*** The records

(* Let $\mathcal X,\hat{\mathcal X}$ be finite alphabets, $\{p_\theta\}_{\theta\in\Theta}$ a nonempty family of probability distributions on $\mathcal X$, and $d:\mathcal X\times\hat{\mathcal X}\to[0,\infty)$ a distortion measure. Then the rate distortion function $\hat R^I(D)$ satisfies: (1) $\hat R^I(D)$ is non-increasing in $D$; (2) $\hat R^I(D)$ is a convex function on $[0,+\infty)$.
   Context: For a transition probability matrix $\boldsymbol Q=(q(\hat x|x))$ from $\mathcal X$ to $\hat{\mathcal X}$: maximum expected distortion $\mathbb E_{\boldsymbol Q}[d(X,\hat X)]=\sup_{\theta\in\Theta}\sum_{x,\hat x}p_\theta(x)q(\hat x|x)d(x,\hat x)$; nonlinear mutual information $\overline I[\{p_\theta\}_{\theta\in\Theta};\boldsymbol Q]=\sup_{\theta\in\Theta}\sum_{x,\hat x}p_\theta(x)q(\hat x|x)\log\frac{q(\hat x|x)}{\sum_{x'}q(\hat x|x')p_\theta(x')}$. Rate distortion function: $\hat R^I(D)=\inf\{\overline I[\{p_\theta\};\boldsymbol Q]:\ \boldsymbol Q\text{ with }\mathbb E_{\boldsymbol Q}[d(X,\hat X)]\le D\}$ (infimum of the empty set is $+\infty$). *)

From mathcomp Require Import all_boot all_order all_algebra.
From mathcomp Require Import all_classical all_reals all_analysis.
Set Implicit Arguments. Unset Strict Implicit. Unset Printing Implicit Defensive.
Import Order.TTheory GRing.Theory Num.Theory.
Local Open Scope classical_set_scope.
Local Open Scope ring_scope.

Section RD.
Variables (R : realType) (X Xh : finType) (Theta : Type).

Definition is_dist (T : finType) (p : T -> R) : Prop :=
  (forall x, 0 <= p x) /\ \sum_(x : T) p x = 1.

(* a transition probability matrix Q = (q(xh|x)), Q x xh = q(xh|x) *)
Definition is_channel (Q : X -> Xh -> R) : Prop := forall x, is_dist (Q x).

Definition max_exp_distortion (p : Theta -> X -> R) (d : X -> Xh -> R)
    (Q : X -> Xh -> R) : \bar R :=
  ereal_sup [set (\sum_(x : X) \sum_(xh : Xh) p th x * Q x xh * d x xh)%:E
            | th in [set: Theta]].

Definition out_marg (p : X -> R) (Q : X -> Xh -> R) (xh : Xh) : R :=
  \sum_(x' : X) Q x' xh * p x'.

(* nonlinear mutual information (natural log; terms with p q = 0 vanish) *)
Definition nl_mutual_info (p : Theta -> X -> R) (Q : X -> Xh -> R) : \bar R :=
  ereal_sup [set (\sum_(x : X) \sum_(xh : Xh)
                    p th x * Q x xh * ln (Q x xh / out_marg (p th) Q xh))%:E
            | th in [set: Theta]].

(* rate distortion function; inf of the empty set is +oo *)
Definition rate_distortion (p : Theta -> X -> R) (d : X -> Xh -> R) (D : R)
    : \bar R :=
  ereal_inf [set nl_mutual_info p Q | Q in
     [set Q | is_channel Q /\ (max_exp_distortion p d Q <= D%:E)%E]].

End RD.

From mathcomp Require Import all_boot all_order all_algebra.
From mathcomp Require Import all_classical all_reals all_analysis.
From mathcomp Require Import ring lra.
Import Order.TTheory GRing.Theory Num.Theory.
Local Open Scope ring_scope.

(* Enlarging D enlarges the set of admissible channels, so the infimum can only
   decrease.  For convexity, mix channels Q1, Q2 admissible for D1, D2 into
   l Q1 + (1 - l) Q2.  Expected distortion is affine in the channel, so the
   mixture is admissible for l D1 + (1 - l) D2; for each fixed source p_theta
   the mutual information is convex in the channel by the log-sum inequality,
   and convexity survives the supremum over theta.  Gibbs' inequality makes all
   rates nonnegative, which keeps -oo out of the infimum computation. *)

Set Implicit Arguments. Unset Strict Implicit. Unset Printing Implicit Defensive.

Section LogSum.
Variable R : realType.
Implicit Types a b c : R.

Lemma sub_le_mul_ln_div a b : 0 <= a -> 0 <= b -> (0 < a -> 0 < b) ->
  a - b <= a * ln (a / b).
Proof.
move=> a_ge0 b_ge0 ab; have [->|a_neq0] := eqVneq a 0.
  by rewrite mul0r sub0r oppr_le0.
have a_gt0 : 0 < a by rewrite lt0r a_neq0.
have ba_gt0 : 0 < b / a by rewrite divr_gt0 // ab.
have ln_ba : ln (b / a) <= b / a - 1.
  by have := @le_ln1Dx R (b / a - 1); rewrite addrCA subrr addr0; apply; lra.
rewrite -invf_div lnV ?posrE // mulrN.
have : a * ln (b / a) <= a * (b / a - 1) by rewrite ler_wpM2l // ltW.
have -> : a * (b / a - 1) = b - a by field.
lra.
Qed.

Lemma mul_ln_div_ge a b c : 0 <= a -> 0 <= b -> 0 < c -> (0 < a -> 0 < b) ->
  a * ln c + (a - b * c) <= a * ln (a / b).
Proof.
move=> a_ge0 b_ge0 c_gt0 ab; have [->|a_neq0] := eqVneq a 0.
  by rewrite !mul0r add0r sub0r oppr_le0 mulr_ge0 // ltW.
have a_gt0 : 0 < a by rewrite lt0r a_neq0.
have b_gt0 := ab a_gt0.
have -> : a / b = c * (a / (b * c)) by field; rewrite !gt_eqF.
rewrite lnM ?posrE ?divr_gt0 ?mulr_gt0 // mulrDr lerD2l.
by apply: sub_le_mul_ln_div; rewrite ?mulr_ge0 ?mulr_gt0 // ltW.
Qed.

Lemma log_sum2 (a1 a2 b1 b2 : R) :
  0 <= a1 -> 0 <= a2 -> 0 <= b1 -> 0 <= b2 ->
  (0 < a1 -> 0 < b1) -> (0 < a2 -> 0 < b2) ->
  (a1 + a2) * ln ((a1 + a2) / (b1 + b2))
  <= a1 * ln (a1 / b1) + a2 * ln (a2 / b2).
Proof.
move=> a1_ge0 a2_ge0 b1_ge0 b2_ge0 ab1 ab2.
have [a0|a_neq0] := eqVneq (a1 + a2) 0.
  have [-> ->] : a1 = 0 /\ a2 = 0 by split; lra.
  by rewrite add0r !mul0r addr0.
have a_gt0 : 0 < a1 + a2 by rewrite lt0r a_neq0 addr_ge0.
have b_gt0 : 0 < b1 + b2.
  have [a1_gt0|a1_le0] := ltP 0 a1; first by have := ab1 a1_gt0; lra.
  by have := ab2 (_ : 0 < a2); lra.
set c := (a1 + a2) / (b1 + b2).
have c_gt0 : 0 < c by rewrite divr_gt0.
have := lerD (mul_ln_div_ge a1_ge0 b1_ge0 c_gt0 ab1)
             (mul_ln_div_ge a2_ge0 b2_ge0 c_gt0 ab2).
have bc : (b1 + b2) * c = a1 + a2 by rewrite /c mulrC divfK // gt_eqF.
lra.
Qed.

(* [log_sum2] applied to the rescaled pairs [(l q1, l m1)] and
   [((1 - l) q2, (1 - l) m2)]. *)
Lemma mul_ln_div_convex (l q1 q2 m1 m2 : R) : 0 <= l <= 1 ->
  0 <= q1 -> 0 <= q2 -> 0 <= m1 -> 0 <= m2 ->
  (0 < q1 -> 0 < m1) -> (0 < q2 -> 0 < m2) ->
  (l * q1 + (1 - l) * q2)
    * ln ((l * q1 + (1 - l) * q2) / (l * m1 + (1 - l) * m2))
  <= l * (q1 * ln (q1 / m1)) + (1 - l) * (q2 * ln (q2 / m2)).
Proof.
move=> /andP[l_ge0 l_le1] q1_ge0 q2_ge0 m1_ge0 m2_ge0 qm1 qm2.
have l'_ge0 : 0 <= 1 - l by lra.
have scale (k a b : R) : k * a * ln (k * a / (k * b)) = k * (a * ln (a / b)).
  have [->|k_neq0] := eqVneq k 0; first by rewrite !mul0r.
  by rewrite -mulf_div divff // mul1r mulrA.
have scale_pos (k a b : R) :
    0 <= k -> (0 < a -> 0 < b) -> 0 < k * a -> 0 < k * b.
  move=> k_ge0 ab; have [->|k_neq0] := eqVneq k 0; first by rewrite mul0r ltxx.
  have k_gt0 : 0 < k by rewrite lt0r k_neq0.
  by rewrite !pmulr_rgt0.
rewrite -scale -[X in _ <= _ + X]scale.
by apply: log_sum2; rewrite ?mulr_ge0 //; apply: scale_pos.
Qed.

End LogSum.

Lemma le_ereal_infD (R : realType) (S1 S2 : set (\bar R)) (z : \bar R) :
  lbound S1 0%E -> lbound S2 0%E ->
  (forall x y, S1 x -> S2 y -> (z <= x + y)%E) ->
  (z <= ereal_inf S1 + ereal_inf S2)%E.
Proof.
move=> S1_ge0 S2_ge0 zS.
have inf1_ge0 : (0 <= ereal_inf S1)%E := le_ereal_inf_tmp S1_ge0.
have inf2_ge0 : (0 <= ereal_inf S2)%E := le_ereal_inf_tmp S2_ge0.
have neqNy (x : \bar R) : (0 <= x)%E -> x != -oo%E.
  by move=> x_ge0; rewrite gt_eqF // (lt_le_trans ltNy0).
case E1 : (ereal_inf S1) => [r1| |];
  [|by rewrite addye ?leey ?neqNy|by move: inf1_ge0; rewrite E1].
case E2 : (ereal_inf S2) => [r2| |];
  [|by rewrite addey ?leey|by move: inf2_ge0; rewrite E2].
apply/lee_addgt0Pr => e e_gt0.
have e2_gt0 : 0 < e / 2 by rewrite divr_gt0.
have [x S1x /ltW x_le] : exists2 x, S1 x & (x < (r1 + e / 2)%:E)%E.
  by rewrite EFinD -E1; apply: lb_ereal_inf_adherent; rewrite ?E1.
have [y S2y /ltW y_le] : exists2 y, S2 y & (y < (r2 + e / 2)%:E)%E.
  by rewrite EFinD -E2; apply: lb_ereal_inf_adherent; rewrite ?E2.
apply: le_trans (zS x y S1x S2y) _; apply: le_trans (leeD x_le y_le) _.
by rewrite -!EFinD lee_fin; lra.
Qed.

Section Channels.
Variables (R : realType) (X Xh : finType).
Implicit Types (p : X -> R) (d Q : X -> Xh -> R).

Definition mutual_info p Q : R :=
  \sum_(x : X) \sum_(xh : Xh) p x * Q x xh * ln (Q x xh / out_marg p Q xh).

Definition exp_distortion p d Q : R :=
  \sum_(x : X) \sum_(xh : Xh) p x * Q x xh * d x xh.

Definition mix_channel (l : R) Q1 Q2 : X -> Xh -> R :=
  fun x xh => l * Q1 x xh + (1 - l) * Q2 x xh.

Lemma is_channel_mix (l : R) Q1 Q2 : 0 <= l <= 1 ->
  is_channel Q1 -> is_channel Q2 -> is_channel (mix_channel l Q1 Q2).
Proof.
move=> /andP[l_ge0 l_le1] Q1_ch Q2_ch x; split.
  move=> xh; have := (Q1_ch x).1 xh; have := (Q2_ch x).1 xh.
  by rewrite /mix_channel; nra.
by rewrite /mix_channel big_split /= -!mulr_sumr (Q1_ch x).2 (Q2_ch x).2; ring.
Qed.

Lemma exp_distortion_mix p d (l : R) Q1 Q2 :
  exp_distortion p d (mix_channel l Q1 Q2)
  = l * exp_distortion p d Q1 + (1 - l) * exp_distortion p d Q2.
Proof.
rewrite /exp_distortion !mulr_sumr -big_split /=; apply: eq_bigr => x _.
rewrite !mulr_sumr -big_split /=; apply: eq_bigr => xh _.
by rewrite /mix_channel; ring.
Qed.

Lemma out_marg_mix p (l : R) Q1 Q2 xh :
  out_marg p (mix_channel l Q1 Q2) xh
  = l * out_marg p Q1 xh + (1 - l) * out_marg p Q2 xh.
Proof.
rewrite /out_marg !mulr_sumr -big_split /=; apply: eq_bigr => x _.
by rewrite /mix_channel; ring.
Qed.

Lemma is_dist_out_marg p Q :
  is_dist p -> is_channel Q -> is_dist (out_marg p Q).
Proof.
move=> [p_ge0 sum_p] Q_ch; split.
  by move=> xh; apply: sumr_ge0 => x _; rewrite mulr_ge0 // (Q_ch x).1.
rewrite /out_marg exchange_big /= -[RHS]sum_p; apply: eq_bigr => x _.
by rewrite -mulr_suml (Q_ch x).2 mul1r.
Qed.

Lemma out_marg_gt0 p Q x xh : (forall x, 0 <= p x) -> is_channel Q ->
  0 < p x -> 0 < Q x xh -> 0 < out_marg p Q xh.
Proof.
move=> p_ge0 Q_ch px_gt0 Q_gt0; rewrite /out_marg (bigD1 x) //=.
apply: lt_le_trans (_ : 0 < Q x xh * p x) _; first exact: mulr_gt0.
by rewrite lerDl sumr_ge0 // => y _; rewrite mulr_ge0 // (Q_ch y).1.
Qed.

(* Gibbs' inequality: [mutual_info p Q] is the relative entropy of the joint
   law [p x * Q x xh] with respect to [p x * out_marg p Q xh]. *)
Lemma mutual_info_ge0 p Q : is_dist p -> is_channel Q -> 0 <= mutual_info p Q.
Proof.
move=> p_dist Q_ch; have [p_ge0 _] := p_dist.
have [m_ge0 sum_m] := is_dist_out_marg p_dist Q_ch.
have term x xh : p x * Q x xh - p x * out_marg p Q xh
                 <= p x * Q x xh * ln (Q x xh / out_marg p Q xh).
  have [->|px_neq0] := eqVneq (p x) 0; first by rewrite !mul0r subrr.
  have px_gt0 : 0 < p x by rewrite lt0r px_neq0 p_ge0.
  rewrite -mulrBr -mulrA ler_wpM2l //.
  by apply: sub_le_mul_ln_div => //; [exact: (Q_ch x).1 | exact: out_marg_gt0].
apply: le_trans (ler_sum _ (fun x _ => ler_sum _ (fun xh _ => term x xh))).
rewrite big1 // => x _.
by rewrite sumrB -!mulr_sumr (Q_ch x).2 sum_m subrr.
Qed.

Lemma mutual_info_convex p (l : R) Q1 Q2 : is_dist p -> 0 <= l <= 1 ->
  is_channel Q1 -> is_channel Q2 ->
  mutual_info p (mix_channel l Q1 Q2)
  <= l * mutual_info p Q1 + (1 - l) * mutual_info p Q2.
Proof.
move=> p_dist l01 Q1_ch Q2_ch; have [p_ge0 _] := p_dist.
rewrite /mutual_info !mulr_sumr -big_split /=; apply: ler_sum => x _.
rewrite !mulr_sumr -big_split /=; apply: ler_sum => xh _.
rewrite out_marg_mix /mix_channel.
have [->|px_neq0] := eqVneq (p x) 0; first by rewrite !mul0r !mulr0 addr0.
have px_gt0 : 0 < p x by rewrite lt0r px_neq0 p_ge0.
rewrite -!mulrA [in X in _ <= X]mulrCA [in X in _ <= _ + X]mulrCA -mulrDr.
rewrite ler_wpM2l //.
apply: mul_ln_div_convex;
  rewrite ?(Q1_ch x).1 ?(Q2_ch x).1 ?(is_dist_out_marg p_dist Q1_ch).1
          ?(is_dist_out_marg p_dist Q2_ch).1 //; exact: out_marg_gt0.
Qed.

End Channels.

Section RateDistortion.
Variables (R : realType) (X Xh : finType) (Theta : Type).
Variables (p : Theta -> X -> R) (d : X -> Xh -> R).
Hypothesis p_dist : forall th, is_dist (p th).
Implicit Types (Q : X -> Xh -> R) (D l : R).

Lemma mutual_info_le_nl th Q :
  ((mutual_info (p th) Q)%:E <= nl_mutual_info p Q)%E.
Proof. by apply: ereal_sup_ubound; exists th. Qed.

Lemma exp_distortion_le_max th Q :
  ((exp_distortion (p th) d Q)%:E <= max_exp_distortion p d Q)%E.
Proof. by apply: ereal_sup_ubound; exists th. Qed.

Lemma nl_mutual_info_ge0 Q : inhabited Theta -> is_channel Q ->
  (0 <= nl_mutual_info p Q)%E.
Proof.
move=> [th] Q_ch; apply: le_trans (mutual_info_le_nl th Q).
by rewrite lee_fin mutual_info_ge0.
Qed.

Lemma nl_mutual_info_mix l Q1 Q2 : 0 <= l <= 1 ->
  is_channel Q1 -> is_channel Q2 ->
  (nl_mutual_info p (mix_channel l Q1 Q2)
   <= l%:E * nl_mutual_info p Q1 + (1 - l)%:E * nl_mutual_info p Q2)%E.
Proof.
move=> l01 Q1_ch Q2_ch; have /andP[l_ge0 l_le1] := l01.
apply/ereal_supP => _ [th _ <-].
apply: le_trans (_ : ((l * mutual_info (p th) Q1
                       + (1 - l) * mutual_info (p th) Q2)%:E <= _)%E).
  by rewrite lee_fin mutual_info_convex.
rewrite EFinD !EFinM leeD // lee_wpmul2l ?lee_fin ?subr_ge0 //;
  exact: mutual_info_le_nl.
Qed.

Lemma max_exp_distortion_mix l D1 D2 Q1 Q2 : 0 <= l <= 1 ->
  (max_exp_distortion p d Q1 <= D1%:E)%E ->
  (max_exp_distortion p d Q2 <= D2%:E)%E ->
  (max_exp_distortion p d (mix_channel l Q1 Q2)
   <= (l * D1 + (1 - l) * D2)%:E)%E.
Proof.
move=> /andP[l_ge0 l_le1] Q1_D1 Q2_D2; apply/ereal_supP => _ [th _ <-].
rewrite lee_fin -/(exp_distortion (p th) d _) exp_distortion_mix.
have le_D Q D : (max_exp_distortion p d Q <= D%:E)%E ->
    exp_distortion (p th) d Q <= D.
  by move=> QD; rewrite -lee_fin (le_trans (exp_distortion_le_max th Q)).
by rewrite lerD // ler_wpM2l ?subr_ge0 // le_D.
Qed.

Lemma rate_distortion_le D1 D2 : D1 <= D2 ->
  (rate_distortion p d D2 <= rate_distortion p d D1)%E.
Proof.
move=> D12; apply/ereal_inf_le_tmp/image_subset => Q [Q_ch QD1]; split=> //.
by rewrite (le_trans QD1) ?lee_fin.
Qed.

Lemma rate_distortion_convex D1 D2 l : inhabited Theta -> 0 <= l <= 1 ->
  (rate_distortion p d (l * D1 + (1 - l) * D2)
   <= l%:E * rate_distortion p d D1 + (1 - l)%:E * rate_distortion p d D2)%E.
Proof.
move=> Theta0 l01; have /andP[l_ge0 l_le1] := l01.
have [->|l_neq0] := eqVneq l 0.
  by rewrite mul0r add0r subr0 mul1r mul0e add0e mul1e.
have [->|l_neq1] := eqVneq l 1.
  by rewrite mul1r subrr mul0r addr0 mul0e adde0 mul1e.
have l_gt0 : 0 < l by rewrite lt0r l_neq0.
have l'_gt0 : 0 < 1 - l by rewrite subr_gt0 lt_neqAle l_neq1.
rewrite -!ereal_inf_pZl //; apply: le_ereal_infD.
1,2: move=> _ [_ [Q [Q_ch _] <-] <-].
1,2: by apply: mule_ge0; [rewrite lee_fin ltW | exact: nl_mutual_info_ge0].
move=> _ _ [_ [Q1 [Q1_ch Q1_D1] <-] <-] [_ [Q2 [Q2_ch Q2_D2] <-] <-].
apply: le_trans (nl_mutual_info_mix l01 Q1_ch Q2_ch).
apply: ereal_inf_lbound; exists (mix_channel l Q1 Q2) => //; split.
  exact: is_channel_mix.
exact: max_exp_distortion_mix.
Qed.

End RateDistortion.

Theorem theorem13 (R : realType) (X Xh : finType) (Theta : Type)
    (p : Theta -> X -> R) (d : X -> Xh -> R) :
  inhabited Theta ->
  (forall th, is_dist (p th)) ->
  (forall x xh, 0 <= d x xh) ->
  (forall D1 D2 : R, D1 <= D2 ->
     (rate_distortion p d D2 <= rate_distortion p d D1)%E) /\
  (forall D1 D2 lam : R, 0 <= D1 -> 0 <= D2 -> 0 <= lam <= 1 ->
     (rate_distortion p d (lam * D1 + (1 - lam) * D2)
        <= lam%:E * rate_distortion p d D1
           + (1 - lam)%:E * rate_distortion p d D2)%E).
Proof.
move=> Theta0 p_dist _; split; first exact: rate_distortion_le.
by move=> D1 D2 lam _ _; exact: rate_distortion_convex.
Qed.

******

> _Description of the task_
Retype, in the same exact form, the lines of the material above from the line holding "(z <= ereal_inf S1 + ereal_inf S2)%E." through the line holding "move=> /andP[l_ge0 l_le1] Q1_ch".

> _Task solution_
  (z <= ereal_inf S1 + ereal_inf S2)%E.
Proof.
move=> S1_ge0 S2_ge0 zS.
have inf1_ge0 : (0 <= ereal_inf S1)%E := le_ereal_inf_tmp S1_ge0.
have inf2_ge0 : (0 <= ereal_inf S2)%E := le_ereal_inf_tmp S2_ge0.
have neqNy (x : \bar R) : (0 <= x)%E -> x != -oo%E.
  by move=> x_ge0; rewrite gt_eqF // (lt_le_trans ltNy0).
case E1 : (ereal_inf S1) => [r1| |];
  [|by rewrite addye ?leey ?neqNy|by move: inf1_ge0; rewrite E1].
case E2 : (ereal_inf S2) => [r2| |];
  [|by rewrite addey ?leey|by move: inf2_ge0; rewrite E2].
apply/lee_addgt0Pr => e e_gt0.
have e2_gt0 : 0 < e / 2 by rewrite divr_gt0.
have [x S1x /ltW x_le] : exists2 x, S1 x & (x < (r1 + e / 2)%:E)%E.
  by rewrite EFinD -E1; apply: lb_ereal_inf_adherent; rewrite ?E1.
have [y S2y /ltW y_le] : exists2 y, S2 y & (y < (r2 + e / 2)%:E)%E.
  by rewrite EFinD -E2; apply: lb_ereal_inf_adherent; rewrite ?E2.
apply: le_trans (zS x y S1x S2y) _; apply: le_trans (leeD x_le y_le) _.
by rewrite -!EFinD lee_fin; lra.
Qed.

Section Channels.
Variables (R : realType) (X Xh : finType).
Implicit Types (p : X -> R) (d Q : X -> Xh -> R).

Definition mutual_info p Q : R :=
  \sum_(x : X) \sum_(xh : Xh) p x * Q x xh * ln (Q x xh / out_marg p Q xh).

Definition exp_distortion p d Q : R :=
  \sum_(x : X) \sum_(xh : Xh) p x * Q x xh * d x xh.

Definition mix_channel (l : R) Q1 Q2 : X -> Xh -> R :=
  fun x xh => l * Q1 x xh + (1 - l) * Q2 x xh.

Lemma is_channel_mix (l : R) Q1 Q2 : 0 <= l <= 1 ->
  is_channel Q1 -> is_channel Q2 -> is_channel (mix_channel l Q1 Q2).
Proof.
move=> /andP[l_ge0 l_le1] Q1_ch Q2_ch x; split.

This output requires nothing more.